President Trump’s handling of the Covid-19 pandemic has been slammed by the mainstream media, with certain networks opting not to air his daily press briefings due to “misinformation.” But polls say the public disagrees.
The Washington Post has been fiercely critical of Trump since long before his election. Yet as the paper described his administration as barrelling “toward calamity” this week, a Washington Post-ABC News poll recorded Trump’s highest ever approval rating, with 48 percent of respondents giving the president the thumbs-up, compared to 46 percent disapproving.
That’s the first time Trump has scored positively on the Post’s poll, but when it comes to his handling of the ongoing pandemic which has killed more than 1,300 Americans thus far, the president’s results are even better. Fifty-one percent approve of his stewardship, while 45 percent don’t.
The results are played out across the board. Polls from Fox News, the Economist, Reuters, Gallup, Emerson and Axios all show positive results for Trump. Gallup’s poll found that 60 percent of Americans support Trump’s response to the crisis, while only 38 percent disapprove. Trump’s handling of the crisis has translated into a record high job approval rating in an average of national polls.
Yet the media tells a different story. President Trump’s daily press briefings are – to quote one NPR station in Seattle – so full of “false or misleading information” that the station will no longer air them.
Staff at CNN and MSNBC have reportedly pleaded with network bosses to drop coverage of the briefings, and the New York Times ran a column on Thursday wondering aloud “should networks cover them?” Individual news personalities have excoriated the president for allegedly spreading baloney. MSNBC’s Rachel Maddow said on her show this week that if Trump “keeps lying…it’s going to cost lives.”
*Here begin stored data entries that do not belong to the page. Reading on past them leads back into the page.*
(* Let $J_-,J_+\subset\mathbb Z$ be disjoint finite arithmetic progressions with the same common difference and $J=J_-\cup J_+$. If $\mathcal D\in\mathrm{DO}_n(J)$ corresponds to a generic twisted $J$-corrugated $n$-gon and $\tilde{\mathcal D}\in\mathrm{DO}_n(J)$ satisfies $\tilde{\mathcal D}_+\mathcal D_-=\tilde{\mathcal D}_-\mathcal D_+$ (so that $\tilde{\mathcal D}$ corresponds to the image under the pentagram map associated with $(J_-,J_+)$), then $$\tilde{\mathcal L}(z)=\tilde{\mathcal D}_-(z)^{-1}\tilde{\mathcal D}_+(z)=\mathcal D_+(z)\mathcal D_-(z)^{-1}.$$ Thus, in terms of the Lax operator $\mathcal L(z)=\mathcal D_-(z)^{-1}\mathcal D_+(z)$ (as an element of $\widetilde{\mathrm{GL}}_n/(\mathrm{Ad}\,\mathbb T\times\mathbb R^* )$), the pentagram map is the refactorization $\mathcal D_-^{-1}(z)\mathcal D_+(z)\mapsto\mathcal D_+(z)\mathcal D_-^{-1}(z)$, i.e. it admits the Lax representation with spectral parameter $\mathcal L(z)\mapsto\mathcal D_+(z)\mathcal L(z)\mathcal D_+(z)^{-1}$.
   Context: A scalar operator is a bi-infinite real sequence $a=(a_i)$ acting by $(aV)_i=a_iV_i$; $T$ is the left shift. An $n$-periodic difference operator is a finite sum $\sum_j a^{(j)}T^j$ with $n$-periodic coefficients; $\mathrm{DO}_n(J)$ consists of those of the form $\sum_{j\in J}a^{(j)}T^j$; for such $\mathcal D$, $\mathcal D_\pm=\sum_{j\in J_\pm}a^{(j)}T^j$. $\mathcal D(z)$ is the matrix Laurent polynomial obtained by sending a scalar operator $a$ to $\mathrm{diag}(a_1,\dots,a_n)$ and $T$ to the matrix with $1$'s at positions $(i,i+1)$ and $z$ at $(n,1)$. $\widetilde{\mathrm{GL}}_n$ is the group of invertible matrix-valued rational functions of $z$; $\mathrm{Ad}\,\mathbb T$ denotes conjugation by constant invertible diagonal matrices and $\mathbb R^*$ acts by $z\mapsto tz$. For $d=\max J-\min J-1$, a twisted $J$-corrugated $n$-gon is a sequence $v_i\in\mathbb{RP}^d$ with $v_{i+n}=M(v_i)$ ($M$ projective) such that for each $i$ the points $v_{i+j}$, $j\in J$, lie in a projective subspace of dimension $|J|-2$; $\mathcal D$ corresponds to it if $\mathcal DV=0$ for a lift $V$. The pentagram map associated with $(J_-,J_+)$ is $\tilde v_i=\mathrm{span}\{v_{i+j}:j\in J_-\}\cap\mathrm{span}\{v_{i+j}:j\in J_+\}$. *)

From HB Require Import structures.
From mathcomp Require Import all_boot all_order all_algebra fraction.
Set Implicit Arguments. Unset Strict Implicit. Unset Printing Implicit Defensive.
Import Order.TTheory GRing.Theory Num.Theory.
Local Open Scope ring_scope.

Definition is_AP_with (d : nat) (J : seq int) : Prop :=
  exists (m : int) (k : nat), J = [seq m + (i%:Z * d%:Z) | i <- iota 0 k.+1].

Definition maxJ (J : seq int) : int := foldr Num.max (head 0 J) J.
Definition minJ (J : seq int) : int := foldr Num.min (head 0 J) J.
(* d + 1 where d = max J - min J - 1 is the dimension of the projective space *)
Definition ambdim (J : seq int) : nat := `|maxJ J - minJ J|%N.

(* An operator in DO_n(J) is  sum_{j in J} a^{(j)} T^j ; it is encoded by    *)
(* its coefficient function  a : int -> int -> R,  a j i = a^{(j)}_i, which   *)
(* is required to be n-periodic in i.  Only the values for j in J matter.    *)
Definition periodic_coeffs (R : Type) (n : nat) (a : int -> int -> R) : Prop :=
  forall j i, a j (i + n%:Z) = a j i.

Definition applyDO (R : pzRingType) (a : int -> int -> R) (J : seq int)
  (V : int -> R) : int -> R :=
  fun i => \sum_(j <- J) a j i * V (i + j).

(* v_i in RP^d are given by a lift V_i in R^{d+1}\{0}; the twist condition   *)
(* v_{i+n} = M(v_i) reads V_{i+n} = c_i M V_i with c_i <> 0, M invertible;   *)
(* the corrugation condition says the |J| points v_{i+j}, j in J, lie in a    *)
(* projective subspace of dimension |J|-2, i.e. the V_{i+j} span a linear    *)
(* subspace of dimension <= |J|-1; and D corresponds to the polygon: D V = 0. *)
Definition window_matrix (R : fieldType) (m : nat) (J : seq int)
  (V : int -> 'cV[R]_m) (i : int) : 'M[R]_(size J, m) :=
  \matrix_(k < size J) (V (i + J`_k))^T.

Definition corresponds_to_corrugated_polygon (R : fieldType) (n : nat)
  (J : seq int) (a : int -> int -> R) : Prop :=
  exists (V : int -> 'cV[R]_(ambdim J)) (M : 'M[R]_(ambdim J)) (c : int -> R),
    [/\ M \in unitmx,
        (forall i, V i != 0),
        (forall i, c i != 0 /\ V (i + n%:Z) = c i *: (M *m V i)),
        (forall i, (\rank (@window_matrix R (ambdim J) J V i) < size J)%N) &
        (forall i, \sum_(j <- J) a j i *: V (i + j) = 0)].

(* The matrix Laurent polynomial D(z), with entries in the field of rational *)
(* functions R(z) = {fraction {poly R}}.  Indices are 0-based: the scalar    *)
(* operator a goes to diag(a_0, ..., a_{n-1}) and T goes to the matrix with  *)
(* 1 at (i, i+1) and z at (n-1, 0).                                          *)
Definition ratf (R : idomainType) (p : {poly R}) : {fraction {poly R}} :=
  @FracField.tofrac {poly R} p.

Definition zvar (R : idomainType) : {fraction {poly R}} := ratf 'X.

Definition Tmat (R : idomainType) (n : nat) : 'M[{fraction {poly R}}]_n :=
  \matrix_(i < n, j < n)
     (if ((i : nat).+1 == (j : nat))%N then 1
      else if (((i : nat) == n.-1) && ((j : nat) == 0))%N then zvar R else 0).

Definition Tpow (R : idomainType) (n : nat) (j : int) : 'M[{fraction {poly R}}]_n :=
  if (0 <= j) then Tmat R n ^+ `|j|%N else invmx (Tmat R n) ^+ `|j|%N.

Definition DOz (R : idomainType) (n : nat) (a : int -> int -> R) (J : seq int)
  : 'M[{fraction {poly R}}]_n :=
  \sum_(j <- J) diag_mx (\row_(i < n) ratf (a j (i : nat)%:Z)%:P) *m Tpow R n j.

(** The assignment [D |-> D(z)] turns composition of difference operators into
    the matrix product, provided the coefficients of the right factor are
    n-periodic: conjugating [diag(b)] by [T(z)^j] shifts [b] by [j].  Moreover
    [D(z)] only depends on [D] as a map on sequences, since the coefficient of
    [T^s] at [i] is the value at [i] of [D] applied to the Kronecker delta at
    [i + s].  Hence the operator identity [D~_+ D_- = D~_- D_+] gives
    [D~_+(z) D_-(z) = D~_-(z) D_+(z)], and multiplying by the inverses on both
    sides yields the refactorization. *)
From HB Require Import structures.
From mathcomp Require Import all_boot all_order all_algebra fraction.
Import Order.TTheory GRing.Theory Num.Theory.
Local Open Scope ring_scope.

Section SymbolOfDifferenceOperators.
Set Implicit Arguments. Unset Strict Implicit.
Variables (R : idomainType) (n : nat).
Local Notation K := {fraction {poly R}}.
Local Notation T := (Tmat R n.+1).
Local Notation Tp := (Tpow R n.+1).

Lemma zvar_neq0 : zvar R != 0.
Proof. by rewrite /zvar /ratf tofrac_eq0 polyX_eq0. Qed.

Definition Tweight (i : 'I_n.+1) : K := if (i : nat) == n then zvar R else 1.

Lemma Tweight_neq0 i : Tweight i != 0.
Proof. by rewrite /Tweight; case: ifP => _; [exact: zvar_neq0 | exact: oner_neq0]. Qed.

Lemma TmatE i j : T i j = (ordS i == j)%:R * Tweight i.
Proof.
rewrite /Tmat mxE /Tweight -(inj_eq val_inj) /=.
case: (ltnP i n) => lt_in.
  by rewrite modn_small // (ltn_eqF lt_in) mulr1; case: eqP.
have -> : (i : nat) = n by apply/eqP; rewrite eqn_leq lt_in -ltnS ltn_ord.
rewrite modnn eqxx /=.
have -> : (n.+1 == j) = false by apply/negbTE; rewrite neq_ltn ltn_ord orbT.
by case: (j : nat) => [|k] /=; rewrite ?mul1r ?mul0r.
Qed.

Lemma Tmat_unit : T \in unitmx.
Proof.
pose Tinv : 'M[K]_n.+1 := \matrix_(i, j) ((ordS j == i)%:R * (Tweight j)^-1).
have T_Tinv : T *m Tinv = 1%:M.
  apply/matrixP=> i j; rewrite !mxE (bigD1 (ordS i)) //= big1 => [|k ne_ki].
    rewrite addr0 TmatE !mxE eqxx mul1r (inj_eq (@ordS_inj _)) eq_sym.
    have [->|_] := eqVneq i j; last by rewrite !mul0r mulr0.
    by rewrite mul1r mulfV // Tweight_neq0.
  by rewrite [T _ _]TmatE eq_sym (negbTE ne_ki) !mul0r.
exact: (proj1 (mulmx1_unit T_Tinv)).
Qed.

Lemma Tpow_exprz j : Tp j = T ^ j.
Proof.
rewrite /Tpow; case: j => k //=.
have invT : T^-1 = invmx T by reflexivity.
rewrite -invT exprVn; reflexivity.
Qed.

Lemma TpowD k j : Tp k *m Tp j = Tp (k + j).
Proof. by rewrite !Tpow_exprz (exprzDr (Tmat_unit : T \is a GRing.unit)). Qed.

Definition periodic (b : int -> R) := forall i, b (i + n.+1%:Z) = b i.

Lemma periodic_shift b c : periodic b -> periodic (fun x => b (x + c)).
Proof. by move=> per_b i; rewrite addrAC per_b. Qed.

Lemma periodic_modn b : periodic b -> forall m : nat, b (m %% n.+1)%N = b m.
Proof.
move=> per_b m; rewrite {2}(divn_eq m n.+1); elim: (m %/ n.+1)%N => [|q IHq].
  by rewrite mul0n add0n.
by rewrite mulSn -addnA [in RHS]PoszD addrC per_b IHq.
Qed.

Definition diag_seq (b : int -> R) : 'M[K]_n.+1 :=
  diag_mx (\row_(i < n.+1) ratf (b (i : nat)%:Z)%:P).

Lemma eq_diag_seq b b' : b =1 b' -> diag_seq b = diag_seq b'.
Proof. by move=> eq_b; apply/matrixP=> i j; rewrite !mxE eq_b. Qed.

Lemma diag_seq0 : diag_seq (fun=> 0) = 0.
Proof.
by apply/matrixP=> i j; rewrite !mxE /ratf polyC0 tofrac0; case: (i == j); rewrite ?mulr0.
Qed.

Lemma diag_seqM b c : diag_seq b *m diag_seq c = diag_seq (fun x => b x * c x).
Proof.
by rewrite mulmx_diag; congr diag_mx; apply/matrixP=> i j; rewrite !mxE /ratf polyCM tofracM.
Qed.

Lemma diag_seq_sum (I : Type) (r : seq I) (F : I -> int -> R) :
  \sum_(i <- r) diag_seq (F i) = diag_seq (fun x => \sum_(i <- r) F i x).
Proof.
elim: r => [|i r IHr].
  by rewrite big_nil -diag_seq0; apply: eq_diag_seq => x; rewrite big_nil.
rewrite big_cons IHr; apply/matrixP=> p q; rewrite !mxE big_cons /ratf polyCD tofracD.
by case: (p == q); rewrite ?mulr0 ?mulr1n ?addr0.
Qed.

Definition shifts_diag_seq (A : 'M[K]_n.+1) (c : int) :=
  forall b, periodic b -> A *m diag_seq b = diag_seq (fun x => b (x + c)) *m A.

Lemma Tmat_shifts : shifts_diag_seq T 1.
Proof.
move=> b per_b; apply/matrixP=> i j.
rewrite mul_mx_diag mul_diag_mx [LHS]mxE [RHS]mxE TmatE !mxE.
case: eqP => [<- /=|_]; last by rewrite !mul0r mulr0.
by rewrite mul1r mulrC periodic_modn // intS addrC.
Qed.

Lemma invmx_shifts A c : A \in unitmx ->
  shifts_diag_seq A c -> shifts_diag_seq (invmx A) (- c).
Proof.
move=> A_unit A_sh b per_b.
have A_b : A *m diag_seq (fun x => b (x - c)) = diag_seq b *m A.
  rewrite A_sh; last exact: periodic_shift.
  by congr (_ *m _); apply: eq_diag_seq => x; rewrite addrK.
by rewrite -{1}(mulmxK A_unit (diag_seq b)) mulmxA -A_b mulKmx.
Qed.

Lemma exp_shifts A c k : shifts_diag_seq A c -> shifts_diag_seq (A ^+ k) (k%:Z * c).
Proof.
move=> A_sh; elim: k => [|k IHk] b per_b.
  by rewrite expr0 mul1mx mulmx1; apply: eq_diag_seq => x; rewrite mul0r addr0.
rewrite exprS -mulmxA IHk // mulmxA A_sh; last exact: periodic_shift.
rewrite -mulmxA; congr (_ *m _); apply: eq_diag_seq => x.
by rewrite -addrA intS mulrDl mul1r (addrC c).
Qed.

Lemma Tpow_shifts j : shifts_diag_seq (Tp j) j.
Proof.
case: j => k b per_b; rewrite /Tpow /=.
  by rewrite (exp_shifts k Tmat_shifts per_b) mulr1.
rewrite (exp_shifts k.+1 (invmx_shifts Tmat_unit Tmat_shifts) per_b).
by congr (_ *m _); apply: eq_diag_seq => x; rewrite mulrN1 NegzE.
Qed.

Lemma DOzE (c : int -> int -> R) J : DOz n.+1 c J = \sum_(j <- J) diag_seq (c j) *m Tp j.
Proof. by []. Qed.

Lemma DOz_mul (c b : int -> int -> R) P Q : (forall j, periodic (b j)) ->
  DOz n.+1 c P *m DOz n.+1 b Q =
  \sum_(k <- P) \sum_(j <- Q) diag_seq (fun x => c k x * b j (x + k)) *m Tp (k + j).
Proof.
move=> per_b; rewrite !DOzE mulmx_suml; apply: eq_bigr => k _.
rewrite mulmx_sumr; apply: eq_bigr => j _.
by rewrite -!mulmxA (mulmxA (Tp k)) Tpow_shifts // -mulmxA TpowD mulmxA diag_seqM.
Qed.

Definition delta (s : int) : int -> R := fun p => (p == s)%:R.

Definition opz (L : (int -> R) -> int -> R) (sh : seq int) : 'M[K]_n.+1 :=
  \sum_(s <- sh) diag_seq (fun x => L (delta (x + s)) x) *m Tp s.

Lemma eq_opz L L' sh : (forall V i, L V i = L' V i) -> opz L sh = opz L' sh.
Proof. by move=> eq_L; apply: eq_bigr => s _; congr (_ *m _); apply: eq_diag_seq => x. Qed.

Lemma applyDO2_delta (c b : int -> int -> R) P Q x s :
  applyDO c P (applyDO b Q (delta (x + s))) x =
  \sum_(k <- P) \sum_(j <- Q) (k + j == s)%:R * (c k x * b j (x + k)).
Proof.
rewrite /applyDO; apply: eq_bigr => k _; rewrite mulr_sumr; apply: eq_bigr => j _.
rewrite /delta -addrA (inj_eq (addrI x)).
by case: (k + j == s); rewrite ?mulr1 ?mul1r ?mulr0 ?mul0r.
Qed.

Lemma DOz_mul_opz (c b : int -> int -> R) (P Q sh : seq int) :
  (forall j, periodic (b j)) -> uniq sh ->
  (forall k j, k \in P -> j \in Q -> k + j \in sh) ->
  DOz n.+1 c P *m DOz n.+1 b Q = opz (fun V => applyDO c P (applyDO b Q V)) sh.
Proof.
move=> per_b uniq_sh PQ_sh; rewrite DOz_mul //.
transitivity (\sum_(k <- P) \sum_(s <- sh) \sum_(j <- Q)
    diag_seq (fun x => (k + j == s)%:R * (c k x * b j (x + k))) *m Tp s).
  apply: eq_big_seq => k kP; rewrite exchange_big /=; apply: eq_big_seq => j jQ.
  rewrite (bigD1_seq (k + j)) ?PQ_sh //= big1 => [|s ne_s].
    by rewrite addr0; congr (_ *m _); apply: eq_diag_seq => x; rewrite eqxx mul1r.
  rewrite (eq_diag_seq (b' := fun=> 0)) ?diag_seq0 ?mul0mx // => x.
  by rewrite eq_sym (negbTE ne_s) mul0r.
rewrite exchange_big; apply: eq_bigr => s _.
under eq_bigr do rewrite -mulmx_suml diag_seq_sum.
rewrite -mulmx_suml diag_seq_sum; congr (_ *m _); apply: eq_diag_seq => x.
by rewrite applyDO2_delta.
Qed.

End SymbolOfDifferenceOperators.

Theorem mainTheorem8 (R : realFieldType) (n : nat) (Jm Jp : seq int) (dJ : nat)
  (a at_ : int -> int -> R) :
  (0 < n)%N ->
  (0 < dJ)%N -> is_AP_with dJ Jm -> is_AP_with dJ Jp ->
  ~~ has (fun j => j \in Jp) Jm ->
  periodic_coeffs n a -> periodic_coeffs n at_ ->
  (* D corresponds to a (generic) twisted J-corrugated n-gon, J = Jm ++ Jp *)
  corresponds_to_corrugated_polygon n (Jm ++ Jp) a ->
  (* genericity: the inverses in the statement exist *)
  DOz n a Jm \in unitmx -> DOz n at_ Jm \in unitmx ->
  (* tilde D_+ D_- = tilde D_- D_+ as operators on bi-infinite sequences *)
  (forall (V : int -> R) (i : int),
      applyDO at_ Jp (applyDO a Jm V) i = applyDO at_ Jm (applyDO a Jp V) i) ->
  invmx (DOz n at_ Jm) *m DOz n at_ Jp = DOz n a Jp *m invmx (DOz n a Jm).
Proof.
case: n => [//|n] _ _ _ _ _ per_a _ _ Dm_unit Dtm_unit commute_ops.
have per_aj j : periodic n (a j) by move=> i; exact: per_a.
set S := undup [seq k + j | k <- Jp, j <- Jm].
have S_sums k j : k \in Jp -> j \in Jm -> k + j \in S.
  by move=> kJp jJm; rewrite mem_undup allpairs_f.
have symbols_eq : DOz n.+1 at_ Jp *m DOz n.+1 a Jm = DOz n.+1 at_ Jm *m DOz n.+1 a Jp.
  rewrite !(@DOz_mul_opz _ _ _ _ _ _ S) ?undup_uniq //; last first.
    by move=> k j kJm jJp; rewrite addrC S_sums.
  exact: eq_opz.
by rewrite -[LHS](mulmxK Dm_unit) -(mulmxA (invmx _)) symbols_eq (mulKmx Dtm_unit).
Qed.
But the public isn’t listening. The same Gallup poll whose respondents rated Trump at 60 percent found that out of all the institutions responding to the pandemic, Americans rated the news media the worst, with only 44 percent of Americans expressing any trust in it. Even Congress, a perennially unpopular institution in these kinds of surveys, scored higher than the media.
Trump’s bump in popularity can possibly be explained by the “wartime president” effect. In times of great crisis, the electorate tends to put partisan politics aside and rally around their leader. At least that’s how the theory goes. No US president has ever lost a re-election bid during wartime, and Trump has certainly attempted to portray the Covid-19 pandemic as a warlike situation. Describing the virus as an “invisible enemy,” Trump told reporters last week that “I view it as a, in a sense, a wartime president.” Whether Trump manages to keep the public on side as the death toll climbs, however, depends on his actions in the coming weeks.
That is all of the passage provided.